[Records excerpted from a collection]
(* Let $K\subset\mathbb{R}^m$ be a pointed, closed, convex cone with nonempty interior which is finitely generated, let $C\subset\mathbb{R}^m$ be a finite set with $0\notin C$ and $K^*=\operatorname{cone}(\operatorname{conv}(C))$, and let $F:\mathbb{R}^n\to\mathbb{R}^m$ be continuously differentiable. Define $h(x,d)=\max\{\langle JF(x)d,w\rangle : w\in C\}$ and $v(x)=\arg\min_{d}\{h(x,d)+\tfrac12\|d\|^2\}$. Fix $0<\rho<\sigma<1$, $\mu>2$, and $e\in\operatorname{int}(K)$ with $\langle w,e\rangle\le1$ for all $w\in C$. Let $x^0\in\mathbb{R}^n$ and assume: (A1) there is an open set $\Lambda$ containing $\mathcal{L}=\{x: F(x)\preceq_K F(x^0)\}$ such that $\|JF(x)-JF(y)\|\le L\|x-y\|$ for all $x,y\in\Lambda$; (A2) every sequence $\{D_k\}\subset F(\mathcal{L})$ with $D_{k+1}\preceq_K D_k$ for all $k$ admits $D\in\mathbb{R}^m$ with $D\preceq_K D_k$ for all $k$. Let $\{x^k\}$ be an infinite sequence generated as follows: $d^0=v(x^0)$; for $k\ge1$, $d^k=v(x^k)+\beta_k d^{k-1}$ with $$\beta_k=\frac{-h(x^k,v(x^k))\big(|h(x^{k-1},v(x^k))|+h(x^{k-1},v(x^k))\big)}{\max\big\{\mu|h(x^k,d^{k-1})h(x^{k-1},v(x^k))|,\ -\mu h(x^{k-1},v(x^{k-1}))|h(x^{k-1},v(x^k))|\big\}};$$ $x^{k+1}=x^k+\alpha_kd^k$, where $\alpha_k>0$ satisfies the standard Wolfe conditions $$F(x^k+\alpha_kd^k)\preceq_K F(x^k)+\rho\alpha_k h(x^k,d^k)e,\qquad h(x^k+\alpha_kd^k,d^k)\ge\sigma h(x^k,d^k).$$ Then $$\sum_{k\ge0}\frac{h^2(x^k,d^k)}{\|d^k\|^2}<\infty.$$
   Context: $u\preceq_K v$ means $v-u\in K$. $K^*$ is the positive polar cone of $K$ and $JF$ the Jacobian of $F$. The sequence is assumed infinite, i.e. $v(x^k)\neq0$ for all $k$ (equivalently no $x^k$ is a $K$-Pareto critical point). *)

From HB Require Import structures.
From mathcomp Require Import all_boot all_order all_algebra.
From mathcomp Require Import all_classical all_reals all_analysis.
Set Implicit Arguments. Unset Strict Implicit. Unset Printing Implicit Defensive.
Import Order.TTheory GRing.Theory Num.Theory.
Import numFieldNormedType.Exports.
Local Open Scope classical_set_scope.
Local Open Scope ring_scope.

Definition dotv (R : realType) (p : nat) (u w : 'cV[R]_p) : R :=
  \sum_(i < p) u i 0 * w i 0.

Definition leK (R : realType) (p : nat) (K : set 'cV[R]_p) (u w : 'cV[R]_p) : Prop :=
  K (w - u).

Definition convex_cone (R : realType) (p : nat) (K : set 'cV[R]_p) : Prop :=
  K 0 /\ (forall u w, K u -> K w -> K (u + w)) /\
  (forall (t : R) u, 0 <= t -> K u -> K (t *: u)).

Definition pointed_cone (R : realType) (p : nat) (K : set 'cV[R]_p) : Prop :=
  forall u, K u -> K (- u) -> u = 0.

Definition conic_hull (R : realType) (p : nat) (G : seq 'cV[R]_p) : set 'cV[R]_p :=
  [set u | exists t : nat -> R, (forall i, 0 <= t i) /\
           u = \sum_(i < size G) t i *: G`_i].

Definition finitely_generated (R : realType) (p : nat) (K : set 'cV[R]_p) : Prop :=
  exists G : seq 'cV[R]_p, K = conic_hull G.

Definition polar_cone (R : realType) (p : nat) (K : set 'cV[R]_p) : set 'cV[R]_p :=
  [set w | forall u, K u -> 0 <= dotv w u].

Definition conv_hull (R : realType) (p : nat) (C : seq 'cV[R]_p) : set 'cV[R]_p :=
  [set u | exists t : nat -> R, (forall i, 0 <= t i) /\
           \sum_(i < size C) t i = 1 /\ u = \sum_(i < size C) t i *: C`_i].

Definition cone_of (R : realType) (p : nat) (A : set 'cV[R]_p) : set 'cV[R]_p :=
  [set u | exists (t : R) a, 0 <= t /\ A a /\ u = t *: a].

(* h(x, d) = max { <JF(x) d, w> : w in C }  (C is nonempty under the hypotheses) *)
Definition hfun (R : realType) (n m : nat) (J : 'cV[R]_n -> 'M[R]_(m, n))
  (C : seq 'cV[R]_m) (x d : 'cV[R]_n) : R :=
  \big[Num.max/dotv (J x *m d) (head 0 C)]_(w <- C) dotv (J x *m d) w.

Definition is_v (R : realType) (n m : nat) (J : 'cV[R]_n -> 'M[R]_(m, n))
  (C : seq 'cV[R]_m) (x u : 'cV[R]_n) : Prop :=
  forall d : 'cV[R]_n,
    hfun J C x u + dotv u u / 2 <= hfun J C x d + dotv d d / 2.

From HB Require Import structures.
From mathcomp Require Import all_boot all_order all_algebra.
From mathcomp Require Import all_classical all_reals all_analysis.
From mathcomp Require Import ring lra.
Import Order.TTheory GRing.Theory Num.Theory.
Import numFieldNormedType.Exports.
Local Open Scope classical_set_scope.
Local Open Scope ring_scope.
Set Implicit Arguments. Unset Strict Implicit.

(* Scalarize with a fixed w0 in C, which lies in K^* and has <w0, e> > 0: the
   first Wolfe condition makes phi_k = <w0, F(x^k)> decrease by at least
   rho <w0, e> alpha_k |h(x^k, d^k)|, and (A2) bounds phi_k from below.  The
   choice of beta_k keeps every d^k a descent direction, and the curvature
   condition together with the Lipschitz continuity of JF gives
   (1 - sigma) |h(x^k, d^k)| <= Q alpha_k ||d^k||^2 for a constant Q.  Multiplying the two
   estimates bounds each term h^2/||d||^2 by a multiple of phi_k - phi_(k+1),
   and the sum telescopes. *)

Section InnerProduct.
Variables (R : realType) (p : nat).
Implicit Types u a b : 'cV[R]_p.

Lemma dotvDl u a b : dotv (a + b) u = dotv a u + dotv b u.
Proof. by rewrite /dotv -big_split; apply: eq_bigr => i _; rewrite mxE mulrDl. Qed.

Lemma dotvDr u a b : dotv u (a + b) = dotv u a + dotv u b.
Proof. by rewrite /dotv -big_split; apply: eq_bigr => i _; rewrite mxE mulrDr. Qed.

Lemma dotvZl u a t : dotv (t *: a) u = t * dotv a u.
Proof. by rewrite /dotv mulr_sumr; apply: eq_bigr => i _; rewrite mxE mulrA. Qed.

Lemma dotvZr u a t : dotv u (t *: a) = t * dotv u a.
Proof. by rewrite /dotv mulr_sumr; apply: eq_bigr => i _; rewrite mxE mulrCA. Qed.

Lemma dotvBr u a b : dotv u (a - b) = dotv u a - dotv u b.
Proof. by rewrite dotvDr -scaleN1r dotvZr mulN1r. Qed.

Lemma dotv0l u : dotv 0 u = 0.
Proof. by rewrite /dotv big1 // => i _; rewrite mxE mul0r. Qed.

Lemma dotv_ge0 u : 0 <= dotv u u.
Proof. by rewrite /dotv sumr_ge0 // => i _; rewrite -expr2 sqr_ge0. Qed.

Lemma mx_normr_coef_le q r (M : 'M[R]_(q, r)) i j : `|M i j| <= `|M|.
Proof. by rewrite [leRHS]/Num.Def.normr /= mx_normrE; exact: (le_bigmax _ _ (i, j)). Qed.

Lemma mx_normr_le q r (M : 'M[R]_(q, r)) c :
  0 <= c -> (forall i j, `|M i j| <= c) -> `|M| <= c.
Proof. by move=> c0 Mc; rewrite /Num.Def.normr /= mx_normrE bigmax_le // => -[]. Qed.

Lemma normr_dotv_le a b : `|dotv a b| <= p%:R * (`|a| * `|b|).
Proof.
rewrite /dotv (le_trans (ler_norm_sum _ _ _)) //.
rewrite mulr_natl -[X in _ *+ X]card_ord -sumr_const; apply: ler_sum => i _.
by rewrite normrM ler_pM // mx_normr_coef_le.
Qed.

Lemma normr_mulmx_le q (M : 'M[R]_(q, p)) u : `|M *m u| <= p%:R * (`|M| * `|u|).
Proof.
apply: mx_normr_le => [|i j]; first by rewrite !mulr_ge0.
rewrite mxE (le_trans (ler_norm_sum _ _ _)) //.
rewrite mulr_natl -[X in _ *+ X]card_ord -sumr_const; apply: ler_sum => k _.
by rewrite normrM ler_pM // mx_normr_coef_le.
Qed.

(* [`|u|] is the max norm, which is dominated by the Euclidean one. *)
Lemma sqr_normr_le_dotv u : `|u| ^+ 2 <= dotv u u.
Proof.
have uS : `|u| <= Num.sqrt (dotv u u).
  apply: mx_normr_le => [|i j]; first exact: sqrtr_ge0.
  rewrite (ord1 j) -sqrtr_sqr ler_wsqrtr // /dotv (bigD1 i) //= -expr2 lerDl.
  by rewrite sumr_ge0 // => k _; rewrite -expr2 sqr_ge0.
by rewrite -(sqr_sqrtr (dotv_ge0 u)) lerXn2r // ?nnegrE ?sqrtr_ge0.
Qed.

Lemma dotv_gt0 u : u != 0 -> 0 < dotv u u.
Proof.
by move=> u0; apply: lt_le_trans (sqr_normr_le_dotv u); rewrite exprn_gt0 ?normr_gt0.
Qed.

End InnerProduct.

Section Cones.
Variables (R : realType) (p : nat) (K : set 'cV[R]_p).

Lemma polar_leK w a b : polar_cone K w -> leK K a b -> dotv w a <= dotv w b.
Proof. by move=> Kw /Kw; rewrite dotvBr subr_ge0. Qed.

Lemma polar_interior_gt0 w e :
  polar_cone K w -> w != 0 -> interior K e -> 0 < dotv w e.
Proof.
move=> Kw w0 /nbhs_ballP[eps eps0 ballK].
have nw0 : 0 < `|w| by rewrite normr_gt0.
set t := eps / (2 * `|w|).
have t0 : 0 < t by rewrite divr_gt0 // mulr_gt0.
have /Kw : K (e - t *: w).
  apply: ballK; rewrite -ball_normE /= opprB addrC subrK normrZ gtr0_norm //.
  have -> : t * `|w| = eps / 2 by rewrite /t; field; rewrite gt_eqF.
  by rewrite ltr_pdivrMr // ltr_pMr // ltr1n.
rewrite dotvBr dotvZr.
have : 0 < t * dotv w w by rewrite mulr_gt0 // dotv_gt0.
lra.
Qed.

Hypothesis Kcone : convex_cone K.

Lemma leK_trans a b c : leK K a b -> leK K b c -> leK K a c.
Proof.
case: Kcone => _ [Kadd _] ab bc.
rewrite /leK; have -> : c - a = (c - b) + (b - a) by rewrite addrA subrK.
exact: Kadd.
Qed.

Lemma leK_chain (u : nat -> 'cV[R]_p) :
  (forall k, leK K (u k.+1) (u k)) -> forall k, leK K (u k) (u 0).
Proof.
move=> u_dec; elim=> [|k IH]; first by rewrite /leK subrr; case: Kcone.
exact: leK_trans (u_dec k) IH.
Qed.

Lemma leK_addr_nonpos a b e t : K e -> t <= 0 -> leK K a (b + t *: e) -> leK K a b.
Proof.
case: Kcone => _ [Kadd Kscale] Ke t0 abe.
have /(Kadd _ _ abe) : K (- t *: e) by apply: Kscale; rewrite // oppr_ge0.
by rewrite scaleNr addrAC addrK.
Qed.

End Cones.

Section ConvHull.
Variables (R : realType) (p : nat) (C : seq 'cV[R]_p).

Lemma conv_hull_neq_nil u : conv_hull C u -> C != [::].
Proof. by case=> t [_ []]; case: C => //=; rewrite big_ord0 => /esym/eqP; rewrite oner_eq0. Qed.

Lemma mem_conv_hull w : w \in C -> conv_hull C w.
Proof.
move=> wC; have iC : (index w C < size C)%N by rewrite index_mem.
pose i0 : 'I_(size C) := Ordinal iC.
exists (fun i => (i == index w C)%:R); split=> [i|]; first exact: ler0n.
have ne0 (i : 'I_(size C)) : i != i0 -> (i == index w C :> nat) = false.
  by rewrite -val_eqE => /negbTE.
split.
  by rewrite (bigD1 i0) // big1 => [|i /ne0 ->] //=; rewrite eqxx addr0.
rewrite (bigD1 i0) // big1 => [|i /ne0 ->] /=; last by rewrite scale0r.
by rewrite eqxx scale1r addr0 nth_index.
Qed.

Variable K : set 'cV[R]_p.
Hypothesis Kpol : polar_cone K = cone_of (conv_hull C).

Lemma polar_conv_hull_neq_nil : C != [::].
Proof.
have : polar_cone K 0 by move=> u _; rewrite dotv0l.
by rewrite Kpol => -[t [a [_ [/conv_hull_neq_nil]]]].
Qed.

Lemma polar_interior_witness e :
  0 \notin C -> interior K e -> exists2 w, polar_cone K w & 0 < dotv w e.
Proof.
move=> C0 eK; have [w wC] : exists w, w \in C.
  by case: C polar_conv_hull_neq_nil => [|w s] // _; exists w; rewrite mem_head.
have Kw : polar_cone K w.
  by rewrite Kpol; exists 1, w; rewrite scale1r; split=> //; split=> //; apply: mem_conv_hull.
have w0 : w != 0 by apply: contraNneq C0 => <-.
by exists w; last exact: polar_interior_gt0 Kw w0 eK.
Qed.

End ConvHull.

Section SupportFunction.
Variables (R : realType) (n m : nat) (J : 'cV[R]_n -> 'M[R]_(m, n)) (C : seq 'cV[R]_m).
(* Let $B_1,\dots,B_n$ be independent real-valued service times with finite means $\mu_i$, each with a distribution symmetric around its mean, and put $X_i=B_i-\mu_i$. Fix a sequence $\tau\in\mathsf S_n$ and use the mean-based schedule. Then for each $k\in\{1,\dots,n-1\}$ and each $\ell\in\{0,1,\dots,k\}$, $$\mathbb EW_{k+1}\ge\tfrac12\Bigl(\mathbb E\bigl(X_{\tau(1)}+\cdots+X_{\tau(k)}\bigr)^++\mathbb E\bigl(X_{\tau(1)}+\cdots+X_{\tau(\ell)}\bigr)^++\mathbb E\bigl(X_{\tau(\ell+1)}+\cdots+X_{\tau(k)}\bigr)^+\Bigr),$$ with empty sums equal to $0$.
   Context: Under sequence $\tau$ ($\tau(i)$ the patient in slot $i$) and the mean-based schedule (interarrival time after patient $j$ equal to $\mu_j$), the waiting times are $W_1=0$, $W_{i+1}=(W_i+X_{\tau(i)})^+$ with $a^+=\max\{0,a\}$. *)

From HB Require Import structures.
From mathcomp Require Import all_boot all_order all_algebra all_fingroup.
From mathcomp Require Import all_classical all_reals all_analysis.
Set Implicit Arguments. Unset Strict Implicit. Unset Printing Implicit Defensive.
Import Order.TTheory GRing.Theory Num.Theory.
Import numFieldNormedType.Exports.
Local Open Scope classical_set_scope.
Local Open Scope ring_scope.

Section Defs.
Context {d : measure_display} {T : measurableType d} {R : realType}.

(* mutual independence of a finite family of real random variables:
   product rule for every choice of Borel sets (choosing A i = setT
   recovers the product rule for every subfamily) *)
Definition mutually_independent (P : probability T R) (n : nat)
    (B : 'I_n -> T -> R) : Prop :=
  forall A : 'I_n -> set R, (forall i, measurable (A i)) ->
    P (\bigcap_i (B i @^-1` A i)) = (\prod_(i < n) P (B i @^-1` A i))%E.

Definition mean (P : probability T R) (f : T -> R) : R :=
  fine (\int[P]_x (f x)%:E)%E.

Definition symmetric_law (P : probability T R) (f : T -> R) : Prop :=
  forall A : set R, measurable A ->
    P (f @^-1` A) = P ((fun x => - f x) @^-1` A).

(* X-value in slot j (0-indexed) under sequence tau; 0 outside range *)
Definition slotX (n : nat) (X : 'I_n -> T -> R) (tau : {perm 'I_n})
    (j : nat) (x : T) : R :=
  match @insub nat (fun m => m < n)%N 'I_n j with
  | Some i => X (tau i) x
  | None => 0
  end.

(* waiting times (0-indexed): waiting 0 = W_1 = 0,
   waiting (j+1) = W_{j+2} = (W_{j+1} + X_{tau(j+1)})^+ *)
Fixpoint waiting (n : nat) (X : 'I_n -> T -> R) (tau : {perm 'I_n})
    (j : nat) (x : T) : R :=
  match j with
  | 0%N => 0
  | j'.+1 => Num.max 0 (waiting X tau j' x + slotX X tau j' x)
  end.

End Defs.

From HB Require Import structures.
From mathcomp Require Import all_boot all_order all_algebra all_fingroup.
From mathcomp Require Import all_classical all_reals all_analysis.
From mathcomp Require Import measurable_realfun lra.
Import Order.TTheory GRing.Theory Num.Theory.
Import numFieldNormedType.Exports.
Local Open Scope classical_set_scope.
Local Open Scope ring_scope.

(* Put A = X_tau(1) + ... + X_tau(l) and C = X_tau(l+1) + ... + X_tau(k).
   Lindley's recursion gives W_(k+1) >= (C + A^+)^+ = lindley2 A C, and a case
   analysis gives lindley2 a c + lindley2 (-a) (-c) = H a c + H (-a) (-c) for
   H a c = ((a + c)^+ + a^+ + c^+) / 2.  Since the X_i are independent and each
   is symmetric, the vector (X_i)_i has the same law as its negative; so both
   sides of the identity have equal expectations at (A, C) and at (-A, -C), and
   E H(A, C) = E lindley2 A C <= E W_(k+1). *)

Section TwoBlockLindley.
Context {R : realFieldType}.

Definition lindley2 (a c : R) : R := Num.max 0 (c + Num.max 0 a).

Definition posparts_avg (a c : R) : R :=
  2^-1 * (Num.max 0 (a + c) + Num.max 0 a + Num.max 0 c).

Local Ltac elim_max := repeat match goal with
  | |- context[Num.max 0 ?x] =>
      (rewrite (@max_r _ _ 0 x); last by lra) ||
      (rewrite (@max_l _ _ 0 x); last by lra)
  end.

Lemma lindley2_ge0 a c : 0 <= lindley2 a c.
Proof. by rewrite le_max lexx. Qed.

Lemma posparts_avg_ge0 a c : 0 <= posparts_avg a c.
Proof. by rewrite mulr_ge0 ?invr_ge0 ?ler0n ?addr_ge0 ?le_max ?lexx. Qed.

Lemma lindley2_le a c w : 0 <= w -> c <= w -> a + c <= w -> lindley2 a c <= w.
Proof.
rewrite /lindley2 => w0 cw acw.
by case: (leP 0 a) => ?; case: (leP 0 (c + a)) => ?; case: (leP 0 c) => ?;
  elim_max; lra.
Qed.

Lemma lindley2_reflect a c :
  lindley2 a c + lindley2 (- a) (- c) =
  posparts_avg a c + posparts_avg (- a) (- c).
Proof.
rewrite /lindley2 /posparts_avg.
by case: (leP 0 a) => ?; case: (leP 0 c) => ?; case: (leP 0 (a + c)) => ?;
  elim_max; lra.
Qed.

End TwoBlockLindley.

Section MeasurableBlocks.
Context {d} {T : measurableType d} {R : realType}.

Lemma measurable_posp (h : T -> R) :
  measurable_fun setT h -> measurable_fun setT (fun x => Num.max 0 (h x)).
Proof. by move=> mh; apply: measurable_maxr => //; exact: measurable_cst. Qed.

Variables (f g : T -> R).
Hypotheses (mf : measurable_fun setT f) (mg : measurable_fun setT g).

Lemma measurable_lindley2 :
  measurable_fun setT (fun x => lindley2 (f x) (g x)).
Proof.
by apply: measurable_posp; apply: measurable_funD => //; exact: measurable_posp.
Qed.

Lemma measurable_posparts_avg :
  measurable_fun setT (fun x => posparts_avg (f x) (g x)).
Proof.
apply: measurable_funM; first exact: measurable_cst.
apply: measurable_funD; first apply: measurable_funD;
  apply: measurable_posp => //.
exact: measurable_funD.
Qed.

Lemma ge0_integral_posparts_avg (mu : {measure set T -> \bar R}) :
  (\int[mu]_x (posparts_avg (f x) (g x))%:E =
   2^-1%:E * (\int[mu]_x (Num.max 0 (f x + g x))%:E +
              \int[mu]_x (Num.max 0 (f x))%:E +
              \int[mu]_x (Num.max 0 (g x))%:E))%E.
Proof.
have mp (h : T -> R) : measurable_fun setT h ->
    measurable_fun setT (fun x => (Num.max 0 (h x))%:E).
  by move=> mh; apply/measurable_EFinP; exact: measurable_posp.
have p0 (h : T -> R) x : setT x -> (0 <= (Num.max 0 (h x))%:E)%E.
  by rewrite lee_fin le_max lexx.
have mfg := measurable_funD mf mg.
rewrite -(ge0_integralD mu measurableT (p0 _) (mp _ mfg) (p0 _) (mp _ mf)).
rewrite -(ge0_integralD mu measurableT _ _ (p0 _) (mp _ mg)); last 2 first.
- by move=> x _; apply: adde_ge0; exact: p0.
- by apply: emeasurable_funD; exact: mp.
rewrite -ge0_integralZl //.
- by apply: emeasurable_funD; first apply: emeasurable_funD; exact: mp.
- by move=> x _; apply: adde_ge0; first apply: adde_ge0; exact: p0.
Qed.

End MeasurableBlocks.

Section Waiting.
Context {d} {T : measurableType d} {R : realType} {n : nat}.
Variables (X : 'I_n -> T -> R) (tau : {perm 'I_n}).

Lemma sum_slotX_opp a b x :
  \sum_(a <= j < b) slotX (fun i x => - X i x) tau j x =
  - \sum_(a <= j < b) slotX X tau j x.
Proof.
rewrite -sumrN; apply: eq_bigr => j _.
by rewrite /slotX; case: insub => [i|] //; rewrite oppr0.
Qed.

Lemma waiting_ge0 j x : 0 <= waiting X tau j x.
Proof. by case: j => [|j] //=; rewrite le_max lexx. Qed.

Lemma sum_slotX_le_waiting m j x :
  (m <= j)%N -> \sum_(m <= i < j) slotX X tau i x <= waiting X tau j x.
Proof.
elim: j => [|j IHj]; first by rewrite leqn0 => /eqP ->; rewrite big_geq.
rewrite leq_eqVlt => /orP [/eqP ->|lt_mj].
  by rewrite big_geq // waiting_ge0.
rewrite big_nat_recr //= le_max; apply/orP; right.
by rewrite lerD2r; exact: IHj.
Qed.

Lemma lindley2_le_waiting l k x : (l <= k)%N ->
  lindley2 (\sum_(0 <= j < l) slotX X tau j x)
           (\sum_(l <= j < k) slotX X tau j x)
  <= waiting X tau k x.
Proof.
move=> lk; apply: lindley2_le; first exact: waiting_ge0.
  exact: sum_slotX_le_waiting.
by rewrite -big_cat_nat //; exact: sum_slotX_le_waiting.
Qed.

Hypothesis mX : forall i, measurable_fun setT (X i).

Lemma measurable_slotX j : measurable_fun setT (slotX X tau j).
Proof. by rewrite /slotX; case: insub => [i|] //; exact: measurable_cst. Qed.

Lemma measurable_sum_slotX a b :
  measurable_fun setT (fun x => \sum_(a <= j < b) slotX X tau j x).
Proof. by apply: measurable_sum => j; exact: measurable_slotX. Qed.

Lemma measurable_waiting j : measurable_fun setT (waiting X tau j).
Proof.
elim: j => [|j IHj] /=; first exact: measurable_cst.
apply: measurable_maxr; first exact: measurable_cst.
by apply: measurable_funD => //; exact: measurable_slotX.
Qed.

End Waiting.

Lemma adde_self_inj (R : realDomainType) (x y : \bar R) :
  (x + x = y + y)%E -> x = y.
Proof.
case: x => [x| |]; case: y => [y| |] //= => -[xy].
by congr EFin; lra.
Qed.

### Your objective
Using the data above, extract exactly the lines from the one that holds "- by apply: emeasurable_funD; first" to the one that holds "End Waiting.", both ends included, and no others.

### Response to the task
- by apply: emeasurable_funD; first apply: emeasurable_funD; exact: mp.
- by move=> x _; apply: adde_ge0; first apply: adde_ge0; exact: p0.
Qed.

End MeasurableBlocks.

Section Waiting.
Context {d} {T : measurableType d} {R : realType} {n : nat}.
Variables (X : 'I_n -> T -> R) (tau : {perm 'I_n}).

Lemma sum_slotX_opp a b x :
  \sum_(a <= j < b) slotX (fun i x => - X i x) tau j x =
  - \sum_(a <= j < b) slotX X tau j x.
Proof.
rewrite -sumrN; apply: eq_bigr => j _.
by rewrite /slotX; case: insub => [i|] //; rewrite oppr0.
Qed.

Lemma waiting_ge0 j x : 0 <= waiting X tau j x.
Proof. by case: j => [|j] //=; rewrite le_max lexx. Qed.

Lemma sum_slotX_le_waiting m j x :
  (m <= j)%N -> \sum_(m <= i < j) slotX X tau i x <= waiting X tau j x.
Proof.
elim: j => [|j IHj]; first by rewrite leqn0 => /eqP ->; rewrite big_geq.
rewrite leq_eqVlt => /orP [/eqP ->|lt_mj].
  by rewrite big_geq // waiting_ge0.
rewrite big_nat_recr //= le_max; apply/orP; right.
by rewrite lerD2r; exact: IHj.
Qed.

Lemma lindley2_le_waiting l k x : (l <= k)%N ->
  lindley2 (\sum_(0 <= j < l) slotX X tau j x)
           (\sum_(l <= j < k) slotX X tau j x)
  <= waiting X tau k x.
Proof.
move=> lk; apply: lindley2_le; first exact: waiting_ge0.
  exact: sum_slotX_le_waiting.
by rewrite -big_cat_nat //; exact: sum_slotX_le_waiting.
Qed.

Hypothesis mX : forall i, measurable_fun setT (X i).

Lemma measurable_slotX j : measurable_fun setT (slotX X tau j).
Proof. by rewrite /slotX; case: insub => [i|] //; exact: measurable_cst. Qed.

Lemma measurable_sum_slotX a b :
  measurable_fun setT (fun x => \sum_(a <= j < b) slotX X tau j x).
Proof. by apply: measurable_sum => j; exact: measurable_slotX. Qed.

Lemma measurable_waiting j : measurable_fun setT (waiting X tau j).
Proof.
elim: j => [|j IHj] /=; first exact: measurable_cst.
apply: measurable_maxr; first exact: measurable_cst.
by apply: measurable_funD => //; exact: measurable_slotX.
Qed.

End Waiting.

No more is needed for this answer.